__Aim of the task__:
Your task is to copy each line of the listing that contains the word "HAne".

********

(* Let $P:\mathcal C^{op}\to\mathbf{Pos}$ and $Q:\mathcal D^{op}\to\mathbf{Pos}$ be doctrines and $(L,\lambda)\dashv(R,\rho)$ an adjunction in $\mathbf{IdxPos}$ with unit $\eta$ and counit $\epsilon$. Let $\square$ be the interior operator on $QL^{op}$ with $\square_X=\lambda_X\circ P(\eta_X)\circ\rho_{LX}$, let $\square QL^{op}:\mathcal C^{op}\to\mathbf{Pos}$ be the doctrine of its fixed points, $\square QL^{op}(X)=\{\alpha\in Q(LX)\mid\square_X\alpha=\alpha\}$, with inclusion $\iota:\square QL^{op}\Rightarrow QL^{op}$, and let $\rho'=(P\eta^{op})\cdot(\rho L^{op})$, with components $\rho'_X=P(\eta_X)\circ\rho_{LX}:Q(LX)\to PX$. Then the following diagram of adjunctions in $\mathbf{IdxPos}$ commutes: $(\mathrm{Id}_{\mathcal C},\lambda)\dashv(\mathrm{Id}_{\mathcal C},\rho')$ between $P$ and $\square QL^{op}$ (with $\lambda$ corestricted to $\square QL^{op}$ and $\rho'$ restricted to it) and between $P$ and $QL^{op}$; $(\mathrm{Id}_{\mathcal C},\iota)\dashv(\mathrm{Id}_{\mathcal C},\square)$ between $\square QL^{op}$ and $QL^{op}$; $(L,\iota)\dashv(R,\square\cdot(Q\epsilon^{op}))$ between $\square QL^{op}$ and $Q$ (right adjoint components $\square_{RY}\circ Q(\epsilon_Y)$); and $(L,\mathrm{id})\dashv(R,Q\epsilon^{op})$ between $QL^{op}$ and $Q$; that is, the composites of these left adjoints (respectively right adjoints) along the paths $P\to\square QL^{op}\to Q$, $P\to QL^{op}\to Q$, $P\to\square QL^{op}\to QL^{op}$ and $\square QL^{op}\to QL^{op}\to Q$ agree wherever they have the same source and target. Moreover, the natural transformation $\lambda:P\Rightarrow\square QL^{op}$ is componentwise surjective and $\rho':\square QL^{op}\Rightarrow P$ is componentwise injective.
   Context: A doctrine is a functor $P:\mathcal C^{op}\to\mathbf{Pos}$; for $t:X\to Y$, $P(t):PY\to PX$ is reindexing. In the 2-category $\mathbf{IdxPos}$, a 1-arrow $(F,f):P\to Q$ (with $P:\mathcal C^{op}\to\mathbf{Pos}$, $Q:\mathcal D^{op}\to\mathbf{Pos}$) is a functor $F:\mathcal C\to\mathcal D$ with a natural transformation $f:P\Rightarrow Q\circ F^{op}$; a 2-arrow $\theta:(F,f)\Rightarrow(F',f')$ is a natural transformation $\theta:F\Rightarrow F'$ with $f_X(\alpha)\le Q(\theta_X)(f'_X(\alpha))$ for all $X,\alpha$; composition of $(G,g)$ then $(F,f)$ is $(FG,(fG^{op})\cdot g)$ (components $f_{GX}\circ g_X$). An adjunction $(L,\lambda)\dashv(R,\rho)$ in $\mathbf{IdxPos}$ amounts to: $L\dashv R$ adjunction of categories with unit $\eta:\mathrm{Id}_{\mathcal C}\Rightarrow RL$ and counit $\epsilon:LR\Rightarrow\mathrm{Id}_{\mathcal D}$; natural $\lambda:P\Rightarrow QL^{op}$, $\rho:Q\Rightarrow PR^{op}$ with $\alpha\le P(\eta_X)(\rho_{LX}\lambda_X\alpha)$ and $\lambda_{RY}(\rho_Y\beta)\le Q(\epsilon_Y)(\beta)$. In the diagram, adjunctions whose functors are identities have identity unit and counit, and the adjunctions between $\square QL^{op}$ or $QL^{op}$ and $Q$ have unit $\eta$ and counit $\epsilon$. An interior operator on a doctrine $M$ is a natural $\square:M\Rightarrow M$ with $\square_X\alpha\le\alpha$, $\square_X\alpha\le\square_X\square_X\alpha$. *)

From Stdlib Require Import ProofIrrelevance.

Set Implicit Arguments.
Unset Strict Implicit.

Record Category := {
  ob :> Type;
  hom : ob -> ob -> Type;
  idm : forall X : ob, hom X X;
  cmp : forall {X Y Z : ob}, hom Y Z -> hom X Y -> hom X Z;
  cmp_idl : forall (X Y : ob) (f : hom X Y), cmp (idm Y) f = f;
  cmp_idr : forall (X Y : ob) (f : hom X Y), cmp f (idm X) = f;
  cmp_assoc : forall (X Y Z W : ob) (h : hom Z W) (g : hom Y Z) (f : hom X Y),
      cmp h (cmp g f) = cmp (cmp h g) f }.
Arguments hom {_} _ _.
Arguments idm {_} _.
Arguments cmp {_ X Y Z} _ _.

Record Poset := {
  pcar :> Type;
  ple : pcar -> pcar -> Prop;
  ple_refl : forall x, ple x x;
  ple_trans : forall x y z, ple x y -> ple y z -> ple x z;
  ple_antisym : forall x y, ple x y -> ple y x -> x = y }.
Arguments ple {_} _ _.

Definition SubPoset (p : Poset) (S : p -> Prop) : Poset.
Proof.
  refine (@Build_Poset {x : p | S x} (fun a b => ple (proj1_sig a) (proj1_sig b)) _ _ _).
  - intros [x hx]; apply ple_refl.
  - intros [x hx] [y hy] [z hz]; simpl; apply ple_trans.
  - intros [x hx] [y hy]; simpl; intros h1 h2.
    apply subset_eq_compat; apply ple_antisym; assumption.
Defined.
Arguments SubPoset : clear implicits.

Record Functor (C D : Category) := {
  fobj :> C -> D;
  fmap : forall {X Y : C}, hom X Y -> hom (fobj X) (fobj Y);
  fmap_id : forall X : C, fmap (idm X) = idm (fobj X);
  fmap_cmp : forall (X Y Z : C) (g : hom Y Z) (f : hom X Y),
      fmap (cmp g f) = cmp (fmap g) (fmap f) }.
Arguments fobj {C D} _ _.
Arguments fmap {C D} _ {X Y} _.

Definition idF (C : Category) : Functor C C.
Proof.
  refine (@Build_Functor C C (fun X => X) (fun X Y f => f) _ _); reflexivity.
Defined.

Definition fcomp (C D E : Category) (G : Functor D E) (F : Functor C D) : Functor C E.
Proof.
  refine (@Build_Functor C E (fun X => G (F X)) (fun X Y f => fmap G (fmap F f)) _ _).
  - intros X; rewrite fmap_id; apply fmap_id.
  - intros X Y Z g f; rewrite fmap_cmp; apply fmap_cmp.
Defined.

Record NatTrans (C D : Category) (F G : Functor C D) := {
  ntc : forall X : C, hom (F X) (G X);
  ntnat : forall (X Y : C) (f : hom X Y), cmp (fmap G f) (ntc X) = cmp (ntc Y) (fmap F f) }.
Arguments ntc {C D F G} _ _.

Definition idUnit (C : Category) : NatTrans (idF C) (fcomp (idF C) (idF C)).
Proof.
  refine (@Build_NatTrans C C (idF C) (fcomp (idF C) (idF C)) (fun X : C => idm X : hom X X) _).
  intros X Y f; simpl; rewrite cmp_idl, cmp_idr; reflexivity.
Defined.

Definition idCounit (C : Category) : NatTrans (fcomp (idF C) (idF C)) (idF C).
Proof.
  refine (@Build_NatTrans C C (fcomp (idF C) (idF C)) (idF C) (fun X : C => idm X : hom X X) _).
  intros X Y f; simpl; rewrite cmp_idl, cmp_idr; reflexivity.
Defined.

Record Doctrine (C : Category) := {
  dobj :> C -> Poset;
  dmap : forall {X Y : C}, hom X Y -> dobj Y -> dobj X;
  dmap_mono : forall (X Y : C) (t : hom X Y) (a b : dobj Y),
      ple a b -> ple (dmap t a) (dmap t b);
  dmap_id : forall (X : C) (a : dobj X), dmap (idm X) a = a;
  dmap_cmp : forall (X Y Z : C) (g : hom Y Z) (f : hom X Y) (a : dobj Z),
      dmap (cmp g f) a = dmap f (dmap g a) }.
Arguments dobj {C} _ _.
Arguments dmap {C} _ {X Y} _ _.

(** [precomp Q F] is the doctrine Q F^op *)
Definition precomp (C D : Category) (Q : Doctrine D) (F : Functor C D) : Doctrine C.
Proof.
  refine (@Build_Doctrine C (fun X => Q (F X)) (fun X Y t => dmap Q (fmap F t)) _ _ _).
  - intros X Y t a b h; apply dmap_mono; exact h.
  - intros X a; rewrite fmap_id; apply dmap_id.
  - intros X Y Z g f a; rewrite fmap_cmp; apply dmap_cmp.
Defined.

********

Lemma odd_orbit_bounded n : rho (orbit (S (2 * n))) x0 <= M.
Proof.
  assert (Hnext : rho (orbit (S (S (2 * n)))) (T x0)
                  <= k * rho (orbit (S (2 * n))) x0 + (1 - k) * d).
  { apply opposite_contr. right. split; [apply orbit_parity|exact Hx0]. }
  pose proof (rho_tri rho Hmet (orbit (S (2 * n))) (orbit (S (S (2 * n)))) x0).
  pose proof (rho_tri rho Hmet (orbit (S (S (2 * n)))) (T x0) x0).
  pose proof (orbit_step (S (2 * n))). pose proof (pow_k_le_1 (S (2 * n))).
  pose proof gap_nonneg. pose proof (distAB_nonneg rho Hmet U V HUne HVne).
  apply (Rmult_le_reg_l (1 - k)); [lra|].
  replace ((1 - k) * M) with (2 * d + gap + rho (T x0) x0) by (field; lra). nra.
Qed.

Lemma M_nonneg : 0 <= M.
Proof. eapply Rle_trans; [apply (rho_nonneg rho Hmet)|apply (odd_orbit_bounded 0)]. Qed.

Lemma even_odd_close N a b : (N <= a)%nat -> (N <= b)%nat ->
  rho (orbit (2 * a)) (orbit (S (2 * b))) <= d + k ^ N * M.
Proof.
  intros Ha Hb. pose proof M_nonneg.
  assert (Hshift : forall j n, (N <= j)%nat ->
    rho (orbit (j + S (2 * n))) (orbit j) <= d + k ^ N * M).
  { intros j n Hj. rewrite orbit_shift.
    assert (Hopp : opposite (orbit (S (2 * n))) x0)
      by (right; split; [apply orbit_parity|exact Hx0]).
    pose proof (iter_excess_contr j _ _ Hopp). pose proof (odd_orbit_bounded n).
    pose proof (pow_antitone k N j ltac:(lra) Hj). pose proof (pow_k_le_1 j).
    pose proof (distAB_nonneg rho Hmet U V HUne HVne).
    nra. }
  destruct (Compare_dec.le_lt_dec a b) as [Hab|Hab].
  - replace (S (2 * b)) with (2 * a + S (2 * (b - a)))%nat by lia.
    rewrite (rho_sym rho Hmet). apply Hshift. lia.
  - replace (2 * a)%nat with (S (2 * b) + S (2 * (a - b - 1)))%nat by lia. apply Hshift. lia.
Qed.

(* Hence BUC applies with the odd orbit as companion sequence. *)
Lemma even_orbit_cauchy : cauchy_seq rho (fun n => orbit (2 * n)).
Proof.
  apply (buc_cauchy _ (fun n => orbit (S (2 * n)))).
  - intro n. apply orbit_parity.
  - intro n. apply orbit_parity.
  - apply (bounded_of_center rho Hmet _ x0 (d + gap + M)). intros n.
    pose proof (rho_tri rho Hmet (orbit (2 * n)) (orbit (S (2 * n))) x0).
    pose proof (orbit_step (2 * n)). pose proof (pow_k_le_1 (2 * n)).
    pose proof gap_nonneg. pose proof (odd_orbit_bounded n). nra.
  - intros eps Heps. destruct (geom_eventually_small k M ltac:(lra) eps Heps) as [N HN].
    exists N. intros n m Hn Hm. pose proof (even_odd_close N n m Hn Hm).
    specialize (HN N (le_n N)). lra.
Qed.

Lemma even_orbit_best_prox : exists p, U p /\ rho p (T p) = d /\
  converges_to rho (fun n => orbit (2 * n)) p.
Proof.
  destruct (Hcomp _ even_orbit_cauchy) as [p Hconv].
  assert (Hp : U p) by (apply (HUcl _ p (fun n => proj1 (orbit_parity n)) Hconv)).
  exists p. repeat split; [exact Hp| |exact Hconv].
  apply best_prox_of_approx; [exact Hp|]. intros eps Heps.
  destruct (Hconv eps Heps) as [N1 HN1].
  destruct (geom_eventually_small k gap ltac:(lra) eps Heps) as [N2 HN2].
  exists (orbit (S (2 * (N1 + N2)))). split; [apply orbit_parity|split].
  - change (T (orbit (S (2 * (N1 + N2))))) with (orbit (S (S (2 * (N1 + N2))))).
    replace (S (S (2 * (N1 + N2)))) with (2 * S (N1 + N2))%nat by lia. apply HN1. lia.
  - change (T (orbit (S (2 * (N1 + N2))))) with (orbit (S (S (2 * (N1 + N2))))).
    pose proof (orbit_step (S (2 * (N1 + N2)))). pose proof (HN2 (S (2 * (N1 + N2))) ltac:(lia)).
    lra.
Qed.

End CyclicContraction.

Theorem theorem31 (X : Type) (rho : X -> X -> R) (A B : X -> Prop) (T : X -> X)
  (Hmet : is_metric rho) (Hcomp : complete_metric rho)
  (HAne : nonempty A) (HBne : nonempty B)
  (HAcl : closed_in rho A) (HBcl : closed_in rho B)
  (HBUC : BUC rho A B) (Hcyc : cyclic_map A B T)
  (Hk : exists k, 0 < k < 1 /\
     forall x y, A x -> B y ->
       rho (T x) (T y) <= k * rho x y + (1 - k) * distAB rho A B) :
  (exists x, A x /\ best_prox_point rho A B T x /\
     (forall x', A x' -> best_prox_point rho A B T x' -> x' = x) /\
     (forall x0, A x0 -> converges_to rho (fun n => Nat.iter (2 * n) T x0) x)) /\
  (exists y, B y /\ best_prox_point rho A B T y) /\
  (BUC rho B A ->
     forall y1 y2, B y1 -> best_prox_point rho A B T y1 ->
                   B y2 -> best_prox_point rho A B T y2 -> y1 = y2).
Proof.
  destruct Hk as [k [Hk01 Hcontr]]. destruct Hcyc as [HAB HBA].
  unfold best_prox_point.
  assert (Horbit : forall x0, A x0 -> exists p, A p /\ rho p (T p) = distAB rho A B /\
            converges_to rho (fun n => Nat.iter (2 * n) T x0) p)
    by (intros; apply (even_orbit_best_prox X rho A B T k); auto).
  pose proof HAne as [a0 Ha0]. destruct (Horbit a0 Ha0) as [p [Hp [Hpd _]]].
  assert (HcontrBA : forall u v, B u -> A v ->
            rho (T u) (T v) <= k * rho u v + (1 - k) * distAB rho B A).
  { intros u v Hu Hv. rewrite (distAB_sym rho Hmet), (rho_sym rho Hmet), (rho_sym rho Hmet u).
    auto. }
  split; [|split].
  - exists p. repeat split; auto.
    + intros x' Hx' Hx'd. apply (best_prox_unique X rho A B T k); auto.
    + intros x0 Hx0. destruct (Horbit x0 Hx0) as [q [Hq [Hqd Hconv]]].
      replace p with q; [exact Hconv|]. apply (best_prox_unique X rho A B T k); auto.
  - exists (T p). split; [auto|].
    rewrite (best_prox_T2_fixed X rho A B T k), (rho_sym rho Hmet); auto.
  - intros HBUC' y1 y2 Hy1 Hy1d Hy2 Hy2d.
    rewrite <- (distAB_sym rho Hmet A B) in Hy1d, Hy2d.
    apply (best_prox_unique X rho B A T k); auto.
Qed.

********

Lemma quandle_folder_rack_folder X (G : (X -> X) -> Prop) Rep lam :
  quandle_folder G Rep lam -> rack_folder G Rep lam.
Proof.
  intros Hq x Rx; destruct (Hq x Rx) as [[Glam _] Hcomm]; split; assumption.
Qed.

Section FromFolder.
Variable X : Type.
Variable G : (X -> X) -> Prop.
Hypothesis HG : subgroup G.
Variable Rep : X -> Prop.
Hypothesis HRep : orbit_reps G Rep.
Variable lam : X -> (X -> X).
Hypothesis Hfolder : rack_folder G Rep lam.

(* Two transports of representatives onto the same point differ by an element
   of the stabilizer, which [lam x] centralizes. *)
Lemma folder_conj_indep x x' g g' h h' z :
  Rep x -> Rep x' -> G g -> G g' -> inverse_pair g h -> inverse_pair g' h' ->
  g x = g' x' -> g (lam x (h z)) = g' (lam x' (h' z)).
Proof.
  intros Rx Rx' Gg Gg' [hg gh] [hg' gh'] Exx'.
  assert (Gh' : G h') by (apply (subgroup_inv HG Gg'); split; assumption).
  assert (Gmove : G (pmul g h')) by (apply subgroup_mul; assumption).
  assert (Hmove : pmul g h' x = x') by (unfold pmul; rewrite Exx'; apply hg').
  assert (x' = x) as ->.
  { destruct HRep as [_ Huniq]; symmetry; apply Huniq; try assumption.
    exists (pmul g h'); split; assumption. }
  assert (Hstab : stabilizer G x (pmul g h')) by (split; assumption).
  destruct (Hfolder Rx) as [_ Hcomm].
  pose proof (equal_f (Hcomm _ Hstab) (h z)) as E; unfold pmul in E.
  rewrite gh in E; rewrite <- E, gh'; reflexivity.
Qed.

********

__Answer section__:
  (HAne : nonempty A) (HBne : nonempty B)
  pose proof HAne as [a0 Ha0]. destruct (Horbit a0 Ha0) as [p [Hp [Hpd _]]].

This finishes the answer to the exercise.